Bad news, I'm afraid. The invisible pocketknife - the knife that has successfully passed under the not-so-watchful eyes of the airport security in at least a dozen flights around this country - this knife is no more. Apparently the security personnel at the courthouse in Fairfield are far more observant, or else their x-ray machinery is superior to that used in airport terminals. They caught my knife in the first go. In deference to their superior technology I gave them the knife to toss. It's old, the blade is so dull it couldn't possibly cut anything anymore, and I never really use for anything more than a nail file these days. Plus I think there was something growing in the cracks and besides I really want to get myself a new one - perhaps one of those incredibly spiffy knives similar to the computer nerd pocketknife I gave Richard last Christmas.
I suppose, in a way, this is for the best, because one of these days those airport security folks would have eventually caught it. Really they would. No, I'm sure of it. Just pretend I said those last bits without the slightest hint of sarcasm, okay?
The reason my knife had to be caught in the first place was that I was called for jury duty on Wednesday. Tuesday night I called the handy number, and after wading through some version of voicemail hell, I eventually discovered that I'd been given a one-day reprieve. Unfortunately, last night I discovered that the reprieve was over and I had to show up in Fairfield to join a small throng of other similarly disinterested people, to mull around in a large green room wearing oh-so-lovely Juror badges, waiting for hours on end to either be called into the court or released back to freedom.

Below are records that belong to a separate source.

Lemma spec_rad_root : spec_rad R e != 0 -> spec_rad R e \in rootsR (char_poly (adj_mx R e)).
Proof.
rewrite /spec_rad big_seq; elim/big_rec: _ => [|lam m root_lam IHm]; first by rewrite eqxx.
by rewrite maxEle; case: ifP => // _ /IHm.
Qed.

Lemma sqrt_le_spec_rad_complete_bipartite a b :
  is_complete_bipartite e a b -> (0 < a)%N -> (0 < b)%N ->
  Num.sqrt (a * b)%:R <= spec_rad R e.
Proof.
move=> [A [card_A [card_NA eA]]] a_gt0 b_gt0.
set lam : R := Num.sqrt (a * b)%:R.
have b_neq0 : b%:R != 0 :> R by rewrite pnatr_eq0 -lt0n.
apply: le_spec_rad; apply/root_adj_mxP.
exists (fun x => if x \in A then 1 else lam / b%:R).
  have [x xA] : exists x, x \in A by apply/set0Pn; rewrite -card_gt0 card_A.
  by exists x; rewrite xA oner_eq0.
move=> y; case: (boolP (y \in A)) => yA.
  rewrite (eq_bigl (fun x => x \in ~: A)) => [|x]; last by rewrite eA yA inE; case: (x \in A).
  rewrite (eq_bigr (fun _ => lam / b%:R)) => [|x]; last by rewrite inE => /negPf ->.
  by rewrite sumr_const card_NA -[_ *+ b]mulr_natr divfK // mulr1.
rewrite (eq_bigl (fun x => x \in A)) => [|x]; last first.
  by rewrite eA; case: (x \in A) (y \in A) yA => [] [].
rewrite (eq_bigr (fun _ => 1)) => [|x ->] //; rewrite sumr_const card_A.
by rewrite mulrA -expr2 sqr_sqrtr ?ler0n // natrM mulfK.
Qed.
Lemma ln_katok_flow_le_time1 L eps n t : unif_lip_const d phi 1 L -> 0 < eps ->
  (0 < n)%N -> t <= n%:R -> ln (katok_flow eps t) <= ln (katok_time1 (eps / L) n).
Proof.
move=> lipL eps0 n0 tn; have [L0 _] := lipL; have epsL0 : 0 < eps / L by rewrite divr_gt0.
have [_ delta1] := andP delta01.
apply: ler_ln_ge1.
  apply: (katokR_ge1 mu d_compact) => // x.
    by apply: bowen_ball_flow_open.
  by apply: bowen_ball_flow_center.
apply: (le_katokR mu d_compact d_borel) => // x.
- by apply: bowen_ball_time1_open.
- by apply: bowen_ball_time1_center.
- by apply: bowen_ball_flow_open.
- by apply: bowen_ball_time1_sub_flow.
Qed.

End katok_flow_time1.

Theorem proposition3p2 (R : realType) (dX : measure_display) (X : measurableType dX)
  (d : X -> X -> R) (phi : X -> R -> X) (L : R) (mu : probability X R) :
  is_metric d -> dcompact d -> borel_for d ->
  is_flow d phi -> unif_lipschitz d phi -> unif_lip_const d phi 1 L ->
  forall delta eps : R, 0 < delta < 1 -> 0 < eps ->
  ((katok_upper_time1 mu d phi eps delta <= katok_upper_flow mu d phi eps delta)%E /\
   (katok_upper_flow mu d phi eps delta <= katok_upper_time1 mu d phi (eps / L) delta)%E) /\
  ((katok_lower_time1 mu d phi eps delta <= katok_lower_flow mu d phi eps delta)%E /\
   (katok_lower_flow mu d phi eps delta <= katok_lower_time1 mu d phi (eps / L) delta)%E).
Proof.
move=> d_metric d_compact d_borel phi_flow phi_lip lipL delta eps /andP[delta0 delta1] eps0.
have delta01 : 0 <= delta < 1 by rewrite (ltW delta0) delta1.
have epsL0 : 0 < eps / L by case: lipL => L0 _; rewrite divr_gt0.
have time1_ge0 := ln_katok_time1_ge0 mu d_metric d_compact phi_flow delta01.
have time1_le_flow :=
  ln_katok_time1_le_flow mu d_metric d_compact d_borel phi_flow phi_lip delta01 eps0.
have flow_le_time1 :=
  ln_katok_flow_le_time1 mu d_metric d_compact d_borel phi_flow phi_lip delta01 lipL eps0.
split; split.
- by apply: limn_esup_div_le_limf => n; apply: time1_le_flow; rewrite lerDl.
- apply: limf_esup_div_le_limn => [n|t t0]; first exact: time1_ge0.
  by apply: flow_le_time1 => //; rewrite ltW ?truncnS_gt.
- apply: limn_einf_div_le_limf => [n|t t0]; first exact: time1_ge0.
  by apply: time1_le_flow; rewrite -natr1 lerD2r truncn_le ltW.
- by apply: limf_einf_div_le_limn => n n0; apply: flow_le_time1.
Qed.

Yes, I know the jury system is important, and it's critical to have intelligent people on the jury in all cases of trial, but oh this is so horridly inconvenient, and I have to admit that I have spent a good deal of time since receiving that summons trying to come up with ways in which I might possibly be able to get out of it.
Luckily I never had the opportunity to try any of the (probably incredibly lame) schemes I had come up with for getting out of serving, because after we'd all been sitting there for a few hours the judge himself came in and told us that in the last fifteen minutes they had suddenly dismissed the charges and hence, there was no longer a trial to select a jury for, and suddenly we were free. I joined the milling throngs to pick up my verification of service, just in case I get called again before twelve months are up (this county only requires service once a year), hiked back to my car, got in, pulled out of the parking lot, and hadn't driven more than a block when the odd thunking noises coming from the right front side of the car had me pulling into the nearest place I could find to stop.

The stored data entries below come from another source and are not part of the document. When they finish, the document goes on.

Lemma kernel_carleson_condition C :
  kernel_condition mu C -> carleson_condition mu (carleson_const * C).
Proof.
move=> hB a b ab; have L_gt0 : 0 < b - a by rewrite subr_gt0.
set z := ((a + b) / 2, b - a); set A := ginv Phi1 (1 / (b - a) `^ s).
have A_gt0 : 0 < A by apply: (ginv_gt0 cPhi1.1); rewrite divr_gt0 ?powR_gt0.
have PhiA_gt0 : 0 < Phi2 A by apply: Phi2_ginv_gt0; rewrite divr_gt0 ?powR_gt0.
have five_ge1 : 1 <= 5 `^ s.
  by have := @ler_powR R 5 (ler1n R 5) 0 s (ltW s_gt0); rewrite powRr0.
have five_gt0 : 0 < 5 `^ s by apply: lt_le_trans five_ge1.
set m := Phi2 A / carleson_const.
have m_gt0 : 0 < m by rewrite divr_gt0 // carleson_const_gt0.
have m_le w : carleson_box a b w -> m <= Phi2 (A * kernel s z w).
  move=> Qw; apply: (@le_trans _ _ (Phi2 (A / 5 `^ s))).
    rewrite /m ler_pdivrMr ?carleson_const_gt0 // mulrC /carleson_const.
    have := Phi2U (divr_gt0 A_gt0 five_gt0) five_ge1.
    by rewrite divfK ?gt_eqF // mulrAC.
  apply: (growth_function_le cPhi2.1); first by rewrite divr_ge0 ?ltW.
  by rewrite ler_wpM2l ?(ltW A_gt0) // kernel_ge_carleson_box // ltW.
have F0 w : upper_half_plane w -> (0 <= (Phi2 (A * kernel s z w))%:E)%E.
  by move=> _; rewrite lee_fin (growth_function_ge0 cPhi2.1) // mulr_ge0 ?kernel_ge0 ?ltW.
have := measure_le_integral mu (@measurable_upper_half_plane R)
  (measurable_carleson_box a b) (@carleson_box_sub R a b) (ltW m_gt0)
  (measurable_kernel_comp s z cPhi2.1 (ltW A_gt0)) F0 m_le.
move=> /le_trans/(_ (hB z L_gt0)) mQ_le.
have -> : carleson_const * C / Phi2 A = m^-1 * C.
  by rewrite /m; field; rewrite (gt_eqF carleson_const_gt0) (gt_eqF PhiA_gt0).
by rewrite (EFinM m^-1 C) lee_pdivlMl.
Qed.

Lemma carleson_dyadic_box_le C z k : 0 <= C -> 0 < z.2 -> carleson_condition mu C ->
  (mu (dyadic_box z k) <=
     (C / Phi2 (ginv Phi1 (1 / z.2 `^ s) / rho ^+ k.+1))%:E)%E.
Proof.
move=> C0 y_gt0 hA; set A := ginv Phi1 (1 / z.2 `^ s).
have A_gt0 : 0 < A by apply: (ginv_gt0 cPhi1.1); rewrite divr_gt0 ?powR_gt0.
have rhok_gt0 : 0 < rho ^+ k.+1 by rewrite exprn_gt0.
have PhiX_gt0 : 0 < Phi2 (A / rho ^+ k.+1).
  exact (upper_type_gt0 cPhi2.1 Phi2U (divr_gt0 A_gt0 rhok_gt0)).
have t_gt0 : 0 < 2 ^+ k * z.2 by rewrite mulr_gt0 // exprn_gt0.
have ab : z.1 - 2 ^+ k * z.2 < z.1 + 2 ^+ k * z.2 by lra.
have := hA _ _ ab.
have -> : z.1 + 2 ^+ k * z.2 - (z.1 - 2 ^+ k * z.2) = 2 ^+ k.+1 * z.2.
  by rewrite exprS; ring.
move=> /le_trans; apply; rewrite lee_fin ler_wpM2l // lef_pV2 ?posrE //.
  apply: (growth_function_le cPhi2.1); first exact: ltW (divr_gt0 A_gt0 rhok_gt0).
  have -> : 1 / (2 ^+ k.+1 * z.2) `^ s = (rho ^+ k.+1)^-1 * (1 / z.2 `^ s).
    by rewrite powRM ?exprn_ge0 ?(ltW y_gt0) // powRX // !div1r invfM.
  rewrite mulrC; apply: (ginvZ_ge cPhi1.1 cPhi1.2); last by rewrite divr_ge0 ?powR_ge0.
  by rewrite invr_ge0 ltW //= invf_le1 // exprn_ege1 // ltW.
by apply: Phi2_ginv_gt0; rewrite divr_gt0 ?powR_gt0 // mulr_gt0 // exprn_gt0.
Qed.

Lemma dyadic_weight_le A k : 0 < A ->
  Phi2 (A * (rho ^+ 2 / (rho ^+ k) ^+ 2)) <=
    N * rho ^+ 3 / rho ^+ k * Phi2 (A / rho ^+ k.+1).
Proof.
move=> A_gt0; have rhok_ge1 : 1 <= rho ^+ k by rewrite exprn_ege1 // ltW.
have rhok_gt0 : 0 < rho ^+ k by apply: lt_le_trans rhok_ge1.
have -> : A * (rho ^+ 2 / (rho ^+ k) ^+ 2) = (rho ^+ 3 / rho ^+ k) * (A / rho ^+ k.+1).
  rewrite [rho ^+ k.+1]exprS; move: rhok_gt0 rho_gt0; move: (rho) => r rk_gt0 r_gt0.
  by field; rewrite !gt_eqF.
rewrite -[N * rho ^+ 3 / _]mulrA; apply: (upper_typeZ_le cPhi2.1 cPhi2.2 C2_gt0 q_ge1 Phi2U).
- by rewrite divr_gt0 // exprn_gt0.
- by rewrite divr_gt0 // exprn_gt0.
- by rewrite ler_pdivrMr // ler_peMr // exprn_ge0 // ltW.
- by rewrite exprn_ege1 // ltW.
Qed.

Lemma carleson_kernel_condition C : 0 <= C ->
  carleson_condition mu C -> kernel_condition mu (kernel_const * C).
Proof.
move=> C0 hA z y_gt0; set A := ginv Phi1 (1 / z.2 `^ s).
have A_gt0 : 0 < A by apply: (ginv_gt0 cPhi1.1); rewrite divr_gt0 ?powR_gt0.
pose c k := Phi2 (A * (rho ^+ 2 / (rho ^+ k) ^+ 2)).
have c_ge0 k : 0 <= c k.
  by apply: (growth_function_ge0 cPhi2.1); rewrite mulr_ge0 ?divr_ge0 ?exprn_ge0 ?ltW.
have F0 w : upper_half_plane w -> 0 <= Phi2 (A * kernel s z w).
  by move=> _; rewrite (growth_function_ge0 cPhi2.1) // mulr_ge0 ?kernel_ge0 ?ltW.
have cover w : upper_half_plane w ->
    exists2 k, dyadic_box z k w & Phi2 (A * kernel s z w) <= c k.
  move=> w_gt0; have [k Bk d_ge] := dyadic_box_dist_conj2 y_gt0 w_gt0.
  exists k => //; apply: (growth_function_le cPhi2.1).
    by rewrite mulr_ge0 ?kernel_ge0 ?ltW.
  by rewrite ler_wpM2l ?(ltW A_gt0) // kernel_le_dyadic.
apply: le_trans (integral_le_cover_nneseries mu (@measurable_upper_half_plane R)
  (fun k => measurable_carleson_box _ _) (fun k => @carleson_box_sub R _ _) c_ge0
  (measurable_kernel_comp s z cPhi2.1 (ltW A_gt0)) F0 cover) _.
have geo : (\sum_(k <oo) (N * rho ^+ 3 * C * rho^-1 ^+ k)%:E = (kernel_const * C)%:E)%E.
  rewrite nneseries_geometric; last by rewrite invr_ge0 ltW //= invf_lt1.
  by rewrite /kernel_const mulrAC.
rewrite -geo; apply: lee_nneseries => [k _ _|k _].
  by rewrite mule_ge0 ?lee_fin.
have PhiX_gt0 : 0 < Phi2 (A / rho ^+ k.+1).
  exact (upper_type_gt0 cPhi2.1 Phi2U (divr_gt0 A_gt0 (exprn_gt0 _ rho_gt0))).
apply: le_trans (lee_pmul _ _ (lexx _) (carleson_dyadic_box_le k C0 y_gt0 hA)) _.
- by rewrite lee_fin.
- exact: measure_ge0.
rewrite -EFinM lee_fin exprVn -/A.
have CP_ge0 : 0 <= C / Phi2 (A / rho ^+ k.+1) by rewrite divr_ge0 // ltW.
apply: le_trans (ler_wpM2r CP_ge0 (dyadic_weight_le k A_gt0)) _.
rewrite le_eqVlt; apply/orP; left; apply/eqP; field.
by rewrite (gt_eqF PhiX_gt0) gt_eqF // exprn_gt0.
Qed.

End carleson_kernel.

Theorem theorem4p1 (R : realType) (Phi1 Phi2 : R -> R) (s : R) :
  convex_growth_function Phi1 -> convex_growth_function Phi2 ->
  classU_any Phi2 -> 0 < s ->
  let condA (mu : {measure set (R * R) -> \bar R}) (C : R) :=
    forall a b : R, a < b ->
      (mu (carleson_box a b) <=
       (C / Phi2 (ginv Phi1 (1 / (b - a) `^ s)))%:E)%E in
  let condB (mu : {measure set (R * R) -> \bar R}) (C : R) :=
    forall z : R * R, 0 < z.2 ->
      (\int[mu]_(w in @upper_half_plane R)
         (Phi2 (ginv Phi1 (1 / z.2 `^ s) *
                (z.2 `^ (2 * s) / (dist_conj2 z w) `^ s)))%:E
       <= C%:E)%E in
  (forall mu : {measure set (R * R) -> \bar R},
     (exists C : R, 0 < C /\ condA mu C) <-> (exists C : R, 0 < C /\ condB mu C)) /\
  (exists K : R, 0 < K /\
     forall (mu : {measure set (R * R) -> \bar R}) (C : R), 0 < C ->
       (condA mu C -> condB mu (K * C)) /\ (condB mu C -> condA mu (K * C))).
Proof.
move=> cPhi1 cPhi2 [q [q_ge1 [_ [[C2 [C2_gt0 Phi2U]] _]]]] s_gt0 condA condB.
set K := kernel_const s q C2 + carleson_const s q C2.
have K_gt0 : 0 < K by rewrite addr_gt0 ?kernel_const_gt0 ?carleson_const_gt0.
have condAB mu C : 0 < C ->
    (condA mu C -> condB mu (K * C)) /\ (condB mu C -> condA mu (K * C)).
  move=> C_gt0; split => [hA|hB].
  - apply: (kernel_condition_le _ (carleson_kernel_condition cPhi1 cPhi2 s_gt0 q_ge1
      C2_gt0 Phi2U (ltW C_gt0) hA)).
    apply: ler_wpM2r; first exact: ltW.
    by rewrite /K lerDl; exact/ltW/carleson_const_gt0.
  - apply: (carleson_condition_le cPhi1 cPhi2 _
      (kernel_carleson_condition cPhi1 cPhi2 s_gt0 C2_gt0 Phi2U hB)).
    apply: ler_wpM2r; first exact: ltW.
    by rewrite /K lerDr; exact/ltW/kernel_const_gt0.
split; last by exists K.
move=> mu; split=> -[C [C_gt0 h]]; exists (K * C); split; rewrite ?mulr_gt0 //.
- exact: (condAB mu C C_gt0).1 h.
- exact: (condAB mu C C_gt0).2 h.
Qed.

There is a lot of construction going on across the street from the courthouse, and I have a feeling that I probably managed to pick up some sort of stray metal bit from there. Whatever it was had done a good job because the right front tire was completely flat. Ugh.
A very nice man stopped while I was crouched on the ground jacking up the car and came over to help, so between the two of us we got the dead tire off and the spare on. Then he pointed me to the nearest tire store and my car and I limped off to find it. Should I mention at this point that the spare was flat too? Yes indeedy it was all kinds of fun!
I knew this was all because my car was jealous of Richard's, since it was just last week it and I were at another tire store getting a new wheel. Ha ha, my car said proudly since it has now one-upped Richard's car, earning a pair of new tires instead of the single one Richard's car got. Ha ha, said my brain as I winced at the cost of those brand new tires, tired from sitting and twiddling my thumbs in a very green jury room and weak from hunger because by then it was way past time for lunch.
After all of the fun and excitement of the morning I decided that the rest of the day was a complete and total loss and just went home. This decision was spurred on by the fact that even if I had made it into the office after all the aforementioned fun and excitement, I'd have only been there a few hours, and somehow it didn't seem worth the commute. So instead of doing more research on the embodied energy of ceiling tiles, I lay in bed and poked at the cats and read books until Richard came home. While he made dinner (the most marvelous cheeseburgers, swimming in onions and garlic, followed by pumpkin spice cake and cinnamon gingerbread ice cream which I am only mentioning here because it is so good!) I decided that I might as well do *something* productive (besides spend money on car wheels) so I went outside and managed to clear the weeds out of a huge chunk of the backyard path (persistent little suckers, weeds are).